Although reserved as a tool to delivering healthcare to underserved communities especially in the rural areas in Africa, the current need to maintain physical distancing and limit viral transmission has seen an increase in the use of telemedicine; in particular, teleconsultation. Experiences shared by Song et al suggests that telemedicine activities prevent close contact and decrease the chances of transmission of latent COVID-19 infection 4Health institutions in Africa are rolling out telehealth initiatives 1while regulatory bodies are modifying protocols for telehealth5
Our data revealed that more than half of the patients who showed interest in teleconsultations eventually got the service. Among those who could not have teleconsultation, about one-third said the insurance companies would not pay for the consultation. Those who eventually got the service had to pay cash. Our data did not explore other barriers to having a teleconsultation among the clients although extant literature shows that lack of awareness of telemedicine options on the part of the patients; unwillingness to explore other modalities of consultations and reluctance to see a new physician are barriers to teleconsultations 6 Our initial social media campaign was an attempt to overcome the barrier of awareness. Our patients were made aware that they could see any doctor of their choice including their regular physician.

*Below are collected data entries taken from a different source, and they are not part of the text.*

Lemma cls_act g x : cls (act g x) = cls x.
Proof.
apply: eq_exist; apply/seteqP; split => y Hy eps he; have [h Hh] := Hy eps he.
  by exists (mul h g); rewrite act_mul.
by exists (mul h (inv g)); rewrite act_mul -(act_mul (inv g)) inv_l act_e.
Qed.

Lemma dq_lb (A B : Qp) x y : proj1_sig A x -> proj1_sig B y -> dq A B <= d x y.
Proof.
move=> hx hy; apply: ge_inf; last by exists x, y.
by exists 0 => r [x' [y' [_ [_ ->]]]].
Qed.

Lemma dq_glb (A B : Qp) c :
  (forall x y, proj1_sig A x -> proj1_sig B y -> c <= d x y) -> c <= dq A B.
Proof.
move=> H; apply: lb_le_inf; last by move=> r [x [y [hx [hy ->]]]]; apply: H.
by exists (d (pickq A) (pickq B)), (pickq A), (pickq B); rewrite !pickqP; split; [|split];
  try exact: oclass_self.
Qed.

Lemma dq_ge0 A B : 0 <= dq A B.
Proof. by apply: dq_glb => x y _ _; apply: dge0. Qed.

Lemma lip0G_oclass F x y : lip0G F -> oclass x y -> F y = F x.
Proof.
move=> [hF hinv] hxy; apply/eqP; rewrite -subr_eq0; apply/eqP.
apply: le_eps_eq0 => eps he; have L0 := lipnorm_ge0 dge0 F.
have he' : 0 < eps / (lipnorm F + 1) by rewrite divr_gt0 // ltr_wpDl.
have [g Hg] := hxy _ he'; rewrite -(hinv g x).
apply: le_trans (lip_bound dge0 hF y (act g x)) _.
apply: le_trans (ler_wpM2l L0 (ltW Hg)) _.
rewrite mulrA ler_pdivrMr ?ltr_wpDl // mulrC ler_wpM2l ?(ltW he) //; lra.
Qed.

Definition sharp (F : T -> R) (A : Qp) : R := F (pickq A).

Lemma sharp_pt F (A : Qp) x : lip0G F -> proj1_sig A x -> sharp F A = F x.
Proof. by move=> hF hx; rewrite /sharp; symmetry; apply: (lip0G_oclass hF); rewrite -pickqP. Qed.
(* Let $\mathcal{C}$ be a permutation class (resp. polyomino class) and let $\mathcal{M}$ be its canonical $m$-basis. The minimal $m$-bases of $\mathcal{C}$ are exactly the subsets $\mathcal{B}\subseteq\mathcal{M}$ that are minimal for inclusion among subsets satisfying $\mathcal{C}=Av_{\mathfrak{S}}(\mathcal{B})$ (resp. $\mathcal{C}=Av_{\mathfrak{P}}(\mathcal{B})$).
   Context: Binary matrices have entries in $\{0,1\}$; $M'\preccurlyeq M$ (submatrix order) means $M'$ is obtained from $M$ by deleting some rows and/or columns. A permutation $\sigma$ of $\{1,\dots,n\}$ is identified with its permutation matrix ($M_\sigma(i,j)=1$ iff $i=\sigma(j)$); a permutation class is a set of permutations closed under taking submatrices that are permutation matrices (i.e. under taking patterns). A quasi-permutation matrix is a binary matrix with at most one $1$ per row and per column. A polyomino is a finite edge-connected union of unit cells of $\mathbb{Z}^2$ up to translation, identified with the binary matrix of its minimal bounding rectangle ($1$ for cells, $0$ otherwise); a polyomino class is a set of polyominoes closed under taking submatrices that are polyominoes. $Av_{\mathfrak{S}}(\mathcal{M})$ (resp. $Av_{\mathfrak{P}}(\mathcal{M})$) denotes the set of permutations (resp. polyominoes) having no submatrix in $\mathcal{M}$. Write $Av$ for $Av_{\mathfrak{S}}$ (permutation case) or $Av_{\mathfrak{P}}$ (polyomino case). For a class $\mathcal{C}$, $\mathcal{C}^+$ is the set of binary matrices that are submatrices of some element of $\mathcal{C}$; the canonical $m$-basis of $\mathcal{C}$ is the set of $\preccurlyeq$-minimal quasi-permutation matrices (permutation case), resp. binary matrices (polyomino case), not in $\mathcal{C}^+$. An $m$-basis of $\mathcal{C}$ is an antichain $\mathcal{M}$ (for $\preccurlyeq$) of matrices with $\mathcal{C}=Av(\mathcal{M})$. A minimal $m$-basis of $\mathcal{C}$ is an $m$-basis $\mathcal{M}$ such that (1) no strict subset $\mathcal{M}'\subsetneq\mathcal{M}$ satisfies $\mathcal{C}=Av(\mathcal{M}')$, and (2) for every $M\in\mathcal{M}$ and every submatrix $M'\preccurlyeq M$, either $M'=M$ or $\mathcal{C}\neq Av\big((\mathcal{M}\setminus\{M\})\cup\{M'\}\big)$. *)

From mathcomp Require Import all_boot matrix perm.

Set Implicit Arguments. Unset Strict Implicit. Unset Printing Implicit Defensive.

Record bmat := BMat { rows : nat; cols : nat; entry : 'M[bool]_(rows, cols) }.
Arguments entry : clear implicits.

(* Submatrix order: N is obtained from M by deleting rows and/or columns,
   i.e. N = M restricted to an increasing choice of rows and of columns. *)
Definition submx (N M : bmat) : Prop :=
  exists (f : 'I_(rows N) -> 'I_(rows M)) (g : 'I_(cols N) -> 'I_(cols M)),
    (forall i i' : 'I_(rows N), (i < i')%N -> (f i < f i')%N) /\
    (forall j j' : 'I_(cols N), (j < j')%N -> (g j < g j')%N) /\
    (forall i j, entry N i j = entry M (f i) (g j)).

Definition perm_bmat (n : nat) (s : 'S_n) : bmat :=
  @BMat n n (\matrix_(i < n, j < n) (i == s j)).

Definition is_perm (M : bmat) : Prop := exists n (s : 'S_n), M = perm_bmat s.

Definition quasi_perm (M : bmat) : Prop :=
  (forall i j j', entry M i j -> entry M i j' -> j = j') /\
  (forall i i' j, entry M i j -> entry M i' j -> i = i').

Definition adjn (a b : nat) : bool := (a.+1 == b) || (b.+1 == a).
Definition cell_adj (M : bmat) : rel ('I_(rows M) * 'I_(cols M)) :=
  fun c d => [&& entry M c.1 c.2, entry M d.1 d.2 &
      ((c.1 == d.1) && adjn c.2 d.2) || ((c.2 == d.2) && adjn c.1 d.1)].

Arguments cell_adj : clear implicits.

(* Polyomino: nonempty edge-connected set of cells, given by the binary matrix of
   its minimal bounding rectangle (so every row and every column contains a 1). *)
Definition polyomino (M : bmat) : Prop :=
  (exists i j, entry M i j) /\
  (forall i, exists j, entry M i j) /\
  (forall j, exists i, entry M i j) /\
  (forall c d : 'I_(rows M) * 'I_(cols M),
      entry M c.1 c.2 -> entry M d.1 d.2 -> connect (cell_adj M) c d).

Inductive kind := PermK | PolyK.

Definition obj (K : kind) (M : bmat) : Prop :=
  match K with PermK => is_perm M | PolyK => polyomino M end.

(* Matrices considered for the canonical m-basis: quasi-permutation
   matrices, resp. all binary matrices. *)
Definition cand (K : kind) (M : bmat) : Prop :=
  match K with PermK => quasi_perm M | PolyK => True end.

Definition seteq (A B : bmat -> Prop) : Prop := forall x, A x <-> B x.
Definition sub_set (A B : bmat -> Prop) : Prop := forall x, A x -> B x.
Definition strict_sub (A B : bmat -> Prop) : Prop := sub_set A B /\ exists x, B x /\ ~ A x.

Definition is_class (K : kind) (C : bmat -> Prop) : Prop :=
  (forall M, C M -> obj K M) /\
  (forall M N, C M -> obj K N -> submx N M -> C N).

Definition Av (K : kind) (B : bmat -> Prop) : bmat -> Prop :=
  fun P => obj K P /\ forall M, B M -> ~ submx M P.

Definition Cplus (C : bmat -> Prop) : bmat -> Prop :=
  fun M => exists P, C P /\ submx M P.

Definition canon_mbasis (K : kind) (C : bmat -> Prop) : bmat -> Prop :=
  fun M => [/\ cand K M, ~ Cplus C M &
     forall N, cand K N -> ~ Cplus C N -> submx N M -> N = M].

Definition antichain (B : bmat -> Prop) : Prop :=
  forall M N, B M -> B N -> submx M N -> M = N.

Definition mbasis (K : kind) (C B : bmat -> Prop) : Prop :=
  antichain B /\ seteq C (Av K B).

Definition minimal_mbasis (K : kind) (C B : bmat -> Prop) : Prop :=
  [/\ mbasis K C B,
      (forall B', strict_sub B' B -> ~ seteq C (Av K B')) &
      (forall M, B M -> forall N, submx N M ->
          N = M \/ ~ seteq C (Av K (fun X => (B X /\ X <> M) \/ X = N)))].

From Stdlib Require Import Classical.
From mathcomp Require Import all_boot matrix perm.

Set Implicit Arguments. Unset Strict Implicit. Unset Printing Implicit Defensive.

(* Every element of an m-basis [B] of [C] lies outside [C^+], and every
   submatrix of an object is a candidate. Hence a non-candidate element of [B]
   never constrains [Av B], and replacing [M] in [B] by a submatrix [N] outside
   [C^+] never changes [Av B]: this is exactly what conditions (1) and (2) of a
   minimal m-basis forbid, so they force the elements of [B] to be minimal
   candidates outside [C^+]. Conversely, for such a [B] condition (2) can only
   fail through a non-candidate [N], whose removal is then covered by (1). *)

Definition remove (B : bmat -> Prop) (M : bmat) : bmat -> Prop :=
  fun X => B X /\ X <> M.

Definition replace (B : bmat -> Prop) (M N : bmat) : bmat -> Prop :=
  fun X => remove B M X \/ X = N.

Lemma submx_trans A B C : submx A B -> submx B C -> submx A C.
Proof.
move=> [f1 [g1 [f1_inc [g1_inc e1]]]] [f2 [g2 [f2_inc [g2_inc e2]]]].
exists (f2 \o f1), (g2 \o g1); split; [|split].
- by move=> i i' lt_ii'; apply/f2_inc/f1_inc.
- by move=> j j' lt_jj'; apply/g2_inc/g1_inc.
- by move=> i j /=; rewrite e1 e2.
Qed.

Lemma incr_ord_inj m n (f : 'I_m -> 'I_n) :
  (forall i i' : 'I_m, (i < i')%N -> (f i < f i')%N) -> injective f.
Proof.
move=> f_inc i i' e; case: (ltngtP i i') => [lt_ii'|lt_i'i|/val_inj //].
- by have := f_inc _ _ lt_ii'; rewrite e ltnn.
- by have := f_inc _ _ lt_i'i; rewrite e ltnn.
Qed.

Lemma submx_perm_quasi N n (s : 'S_n) : submx N (perm_bmat s) -> quasi_perm N.
Proof.
move=> [f [g [f_inc [g_inc e]]]].
have f_inj := incr_ord_inj f_inc; have g_inj := incr_ord_inj g_inc.
split.
- move=> i j j'; rewrite !e !mxE => /eqP e1 /eqP e2.
  by apply/g_inj/(@perm_inj _ s); rewrite -e1 -e2.
- move=> i i' j; rewrite !e !mxE => /eqP e1 /eqP e2.
  by apply: f_inj; rewrite e1 e2.
Qed.

Lemma submx_obj_cand K N P : obj K P -> submx N P -> cand K N.
Proof. by case: K => //= [[n [s ->]]]; apply: submx_perm_quasi. Qed.

Lemma strict_sub_remove B M : B M -> strict_sub (remove B M) B.
Proof.
move=> BM; rewrite /strict_sub /sub_set /remove.
by split=> [X [] | ]; last (exists M; split=> // [[]]).
Qed.

Lemma Av_notin_Cplus K C B M : seteq C (Av K B) -> B M -> ~ Cplus C M.
Proof. by move=> CE BM [P [/CE [_ avP] sMP]]; apply: avP sMP. Qed.

Lemma Av_eq_on_cand K A A' :
  (forall X, cand K X -> (A X <-> A' X)) -> seteq (Av K A) (Av K A').
Proof.
move=> AE P; split=> [] [oP avP]; split=> // X AX sXP;
  have cX := submx_obj_cand oP sXP; apply: (avP X) sXP; exact/AE.
Qed.

Lemma Av_remove_noncand K B M :
  ~ cand K M -> seteq (Av K (remove B M)) (Av K B).
Proof.
move=> ncM; apply: Av_eq_on_cand => X cX; split=> [[] //| BX].
by split=> // eXM; apply: ncM; rewrite -eXM.
Qed.

Lemma Av_replace_noncand K B M N :
  ~ cand K N -> seteq (Av K (replace B M N)) (Av K (remove B M)).
Proof.
move=> ncN; apply: Av_eq_on_cand => X cX; split=> [[//|eXN]|]; last by left.
by case: ncN; rewrite -eXN.
Qed.

Lemma Av_replace_submx K C B M N :
  seteq C (Av K B) -> submx N M -> ~ Cplus C N ->
  seteq C (Av K (replace B M N)).
Proof.
move=> CE sNM nCN P; split.
- move=> CP; have [oP avP] := (CE P).1 CP.
  split=> // X [[BX _] | ->]; first exact: avP.
  by move=> sNP; apply: nCN; exists P.
- move=> [oP avP]; apply/CE; split=> // X BX sXP.
  have [eXM | nXM] := classic (X = M).
    by rewrite eXM in sXP; apply: (avP N (or_intror erefl)); apply: submx_trans sNM sXP.
  by apply: (avP X (or_introl (conj BX nXM))).
Qed.

Theorem proposition5 (K : kind) (C : bmat -> Prop) :
  is_class K C ->
  forall B : bmat -> Prop,
    minimal_mbasis K C B <->
    [/\ sub_set B (canon_mbasis K C),
        seteq C (Av K B) &
        (forall B', strict_sub B' B -> ~ seteq C (Av K B'))].
Proof.
move=> _ B; split.
- move=> [[_ CE] min_incl min_sub]; split=> // M BM.
  have nCM := Av_notin_Cplus CE BM.
  split=> // [|N cN nCN sNM].
    apply: NNPP => ncM; apply: (min_incl _ (strict_sub_remove BM)).
    by move=> P; rewrite CE Av_remove_noncand.
  have [// | not_basis] := min_sub M BM N sNM.
  by case: not_basis; apply: Av_replace_submx.
- move=> [canB CE min_incl]; split=> //.
    split=> // M N BM BN sMN.
    have [cM nCM _] := canB M BM; have [_ _ minN] := canB N BN.
    exact: minN cM nCM sMN.
  move=> M BM N sNM; have [-> | nNM] := classic (N = M); [by left | right].
  move=> CE'; have [_ _ minM] := canB M BM.
  have nCN := Av_notin_Cplus CE' (or_intror erefl : replace B M N N).
  have [cN | ncN] := classic (cand K N); first exact/nNM/minM.
  apply: (min_incl _ (strict_sub_remove BM)).
  by move=> P; rewrite CE' Av_replace_noncand.
Qed.
(* Let $P,PA$ be labelings, $c$ any command, and $\rho_1,\rho_2,\mu_1,\mu_2$ states. Assume $\mathtt b\notin\mathrm{UsedVars}(c)$, $\rho_1(\mathtt b)=\rho_2(\mathtt b)=0$, $|a|_{\mu_1}>0$ and $|a|_{\mu_2}>0$ for every array $a$, $\rho_1\sim_P\rho_2$, $\mu_1\sim_{PA}\mu_2$, and $\langle c,\rho_1,\mu_1\rangle\approx\langle c,\rho_2,\mu_2\rangle$. Let $(\hat c,P',PA')=\mathcal F(c,P,PA,\mathtt{true})$. Then $\langle T(\hat c),\rho_1,\mu_1,\mathtt{false}\rangle\approx_s\langle T(\hat c),\rho_2,\mu_2,\mathtt{false}\rangle$.
   Context: Language AWhile: scalar variables $X\in\mathcal V$, arrays $a\in\mathcal A$; $e::=n\mid X\mid\mathrm{op}_{\mathbb N}(e,\dots,e)\mid be\,?\,e_1:e_2$; $be::=\mathtt{true}\mid\mathtt{false}\mid\mathrm{cmp}(e,e)\mid\mathrm{op}_{\mathbb B}(be,\dots,be)$; $c::=\mathtt{skip}\mid X:=e\mid c_1;c_2\mid\mathtt{if}\ be\ \mathtt{then}\ c_1\ \mathtt{else}\ c_2\mid\mathtt{while}\ be\ \mathtt{do}\ c\mid X\leftarrow a[e]\mid a[e]\leftarrow e'$. Scalar state $\rho:\mathcal V\to\mathbb N$; array state $\mu$ with sizes $|a|_\mu$ and values $\mu(a)[i]$; $[\![\cdot]\!]_\rho$ pure evaluation. $\mathrm{UsedVars}(c)$: scalar variables occurring in $c$; $\mathtt b$ a reserved scalar variable. Sequential semantics: $X:=e\to\mathtt{skip}$ updating $X$; $c_1;c_2\xrightarrow{o}c_1';c_2$ if $c_1\xrightarrow{o}c_1'$; $\mathtt{skip};c\to c$; conditional goes to branch $v=[\![be]\!]_\rho$ observing $\mathrm{branch}(v)$; $\mathtt{while}\ be\ \mathtt{do}\ c\to\mathtt{if}\ be\ \mathtt{then}\ (c;\mathtt{while}\ be\ \mathtt{do}\ c)\ \mathtt{else}\ \mathtt{skip}$; $X\leftarrow a[ie]$ with $i=[\![ie]\!]_\rho<|a|_\mu$ sets $X:=\mu(a)[i]$ observing $\mathrm{read}(a,i)$; $a[ie]\leftarrow e$ with $i<|a|_\mu$ sets $\mu[a[i]\mapsto[\![e]\!]_\rho]$ observing $\mathrm{write}(a,i)$. $\langle c_1,\rho_1,\mu_1\rangle\approx\langle c_2,\rho_2,\mu_2\rangle$ iff for all multi-step executions $\langle c_k,\rho_k,\mu_k\rangle\xrightarrow{O_k}{}^*$ (any prefix), one of $O_1,O_2$ is a prefix of the other. Speculative semantics: configurations $\langle c,\rho,\mu,\beta\rangle$; non-observing rules as sequentially (flag kept, no directive). Conditional: with directive $\mathit{step}$ as sequentially; with $\mathit{force}$ go to branch $\neg[\![be]\!]_\rho$ and set $\beta:=\mathtt{true}$; obs $\mathrm{branch}([\![be]\!]_\rho)$. Reads/writes with $\mathit{step}$ as sequentially. Read with $\mathrm{load}(a',j)$: requires $\beta=\mathtt{true}$, $i=[\![ie]\!]_\rho\ge|a|_\mu$, $j<|a'|_\mu$, sets $X:=\mu(a')[j]$, obs $\mathrm{read}(a,i)$. Write with $\mathrm{store}(a',j)$: requires $\beta=\mathtt{true}$, $i\ge|a|_\mu$, $j<|a'|_\mu$, sets $\mu[a'[j]\mapsto[\![e]\!]_\rho]$, obs $\mathrm{write}(a,i)$. $\langle c_1,\rho_1,\mu_1,\beta_1\rangle\approx_s\langle c_2,\rho_2,\mu_2,\beta_2\rangle$ iff for all $D,O_1,O_2$, whenever both multi-step with the same directive list $D$ producing $O_1,O_2$, $O_1=O_2$. Labels: $\mathtt{true}$=public, $\mathtt{false}$=secret; $\ell_1\sqsubseteq\ell_2$ iff $\ell_2=\mathtt{true}\Rightarrow\ell_1=\mathtt{true}$; $\ell_1\sqcup\ell_2=\ell_1\wedge\ell_2$, lifted pointwise to labelings. $P(e),P(be)$ public iff all variables occurring are public. $\rho_1\sim_P\rho_2$: agreement on public scalar variables; $\mu_1\sim_{PA}\mu_2$: agreement on sizes and contents of public arrays. Annotated commands: $\hat c::=\mathtt{skip}\mid X:=e\mid \hat c_1;_{P,PA}\hat c_2\mid\mathtt{if}_\ell\ be\ \mathtt{then}\ \hat c_1\ \mathtt{else}\ \hat c_2\mid\mathtt{while}_{\ell,P,PA}\ be\ \mathtt{do}\ \hat c\mid X\leftarrow_{\ell_X,\ell_i}a[e]\mid a[e]\leftarrow_{\ell_i}e'$. Flow-sensitive IFC analysis $\mathcal F(c,P,PA,pc)=(\hat c,P',PA')$: $\mathtt{skip}\mapsto(\mathtt{skip},P,PA)$; $X:=e\mapsto(X:=e,P[X\mapsto P(e)],PA)$; $c_1;c_2\mapsto(\hat c_1;_{P_1,PA_1}\hat c_2,P_2,PA_2)$ where $(\hat c_1,P_1,PA_1)=\mathcal F(c_1,P,PA,pc)$, $(\hat c_2,P_2,PA_2)=\mathcal F(c_2,P_1,PA_1,pc)$; $\mathtt{if}\ be\ \mathtt{then}\ c_1\ \mathtt{else}\ c_2\mapsto(\mathtt{if}_{P(be)}\ be\ \mathtt{then}\ \hat c_1\ \mathtt{else}\ \hat c_2,P_1\sqcup P_2,PA_1\sqcup PA_2)$ where $(\hat c_k,P_k,PA_k)=\mathcal F(c_k,P,PA,pc\sqcup P(be))$; $\mathtt{while}\ be\ \mathtt{do}\ c\mapsto(\mathtt{while}_{P_f(be),P_f,PA_f}\ be\ \mathtt{do}\ \hat c,P_f,PA_f)$ where $\hat c$ is the first component of $\mathcal F(c,P_f,PA_f,pc\sqcup P_f(be))$ and $(P_f,PA_f)$ is a fixpoint of $G(P'',PA'')=(P''',PA''')\sqcup(P,PA)$, with $(\_,P''',PA''')=\mathcal F(c,P'',PA'',pc\sqcup P''(be))$, obtained by iterating $G$ from $(P,PA)$ (bounded by the number of variables and arrays assigned in $c$); $X\leftarrow a[i]\mapsto(X\leftarrow_{\ell,P(i)}a[i],P[X\mapsto\ell],PA)$ with $\ell=pc\sqcup P(i)\sqcup PA(a)$; $a[i]\leftarrow e\mapsto(a[i]\leftarrow_{P(i)}e,P,PA[a\mapsto PA(a)\sqcup pc\sqcup P(i)\sqcup P(e)])$. Translation $T$ (FS-FvSLH) of annotated commands: with $m(i)=(\mathtt b==1)\,?\,0:i$ and $B_\ell(be)=be$ if $\ell=\mathtt{true}$, $B_\ell(be)=(\mathtt b==0\ \&\&\ be)$ if $\ell=\mathtt{false}$: $\mathtt{skip}$, $X:=e$ unchanged; $\hat c_1;_{P,PA}\hat c_2\mapsto T(\hat c_1);T(\hat c_2)$; $\mathtt{if}_\ell\ be\ \mathtt{then}\ \hat c_1\ \mathtt{else}\ \hat c_2\mapsto\mathtt{if}\ B_\ell(be)\ \mathtt{then}\ (\mathtt b:=B_\ell(be)\,?\,\mathtt b:1;T(\hat c_1))\ \mathtt{else}\ (\mathtt b:=B_\ell(be)\,?\,1:\mathtt b;T(\hat c_2))$; $\mathtt{while}_{\ell,P,PA}\ be\ \mathtt{do}\ \hat c\mapsto(\mathtt{while}\ B_\ell(be)\ \mathtt{do}\ (\mathtt b:=B_\ell(be)\,?\,\mathtt b:1;T(\hat c)));\ \mathtt b:=B_\ell(be)\,?\,1:\mathtt b$; $X\leftarrow_{\ell_X,\ell_i}a[i]\mapsto(X\leftarrow a[i];X:=(\mathtt b==1)\,?\,0:X)$ if $\ell_X=\ell_i=\mathtt{true}$, $X\leftarrow a[i]$ if $\ell_X=\mathtt{false},\ell_i=\mathtt{true}$, and $X\leftarrow a[m(i)]$ if $\ell_i=\mathtt{false}$; $a[i]\leftarrow_{\ell_i}e\mapsto a[i]\leftarrow e$ if $\ell_i=\mathtt{true}$ and $a[m(i)]\leftarrow e$ if $\ell_i=\mathtt{false}$. *)

From Stdlib Require Import String List Arith Bool.
Import ListNotations.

The present data suggest that the initial enthusiasm has waned significantly in the four weeks of June. The reasons for this outlook need to be investigated albeit, we posit that the general public perception of a reduction in the number of COVID-19 cases could be responsible. In the immediate, to prevent another wave of COVID-19 infection in Tanzania, the adoption of steps to encouraging teleconsultations and overcoming the barrier should be reiterated to all the stakeholders-patients, healthcare institutions and insurance companies. According to Portnoy et al7, providing education to people that telemedicine is an effective alternative and safer under the current circumstances. There is also the need to institute and expand the system of reimbursement coverage for physicians who see patients through telemedicine. The main steps can be followed up with making people aware that a telemedicine benefit exists, with step-by-step instructions on how it can be accessed, while helping them to understand how telemedicine works. Efforts to reduce cost barriers to accessing telemedicine should be a continuous one.7
While recent clinical practice in high-income countries (HIC) has witnessed a rapid incorporation of telemedicine into conventional practice,8,9 this cannot be said of sub-Saharan Africa health service delivery. Perhaps the capability of telehealth in SSA will be expanded in the immediate future, the uncertain trajectory of the current pandemic calls for an exploration of every avenue to stem the tide. Increasing research into the barriers affecting uptake of services as well as other access, financial and infrastructural issues are needed for the current era and beyond.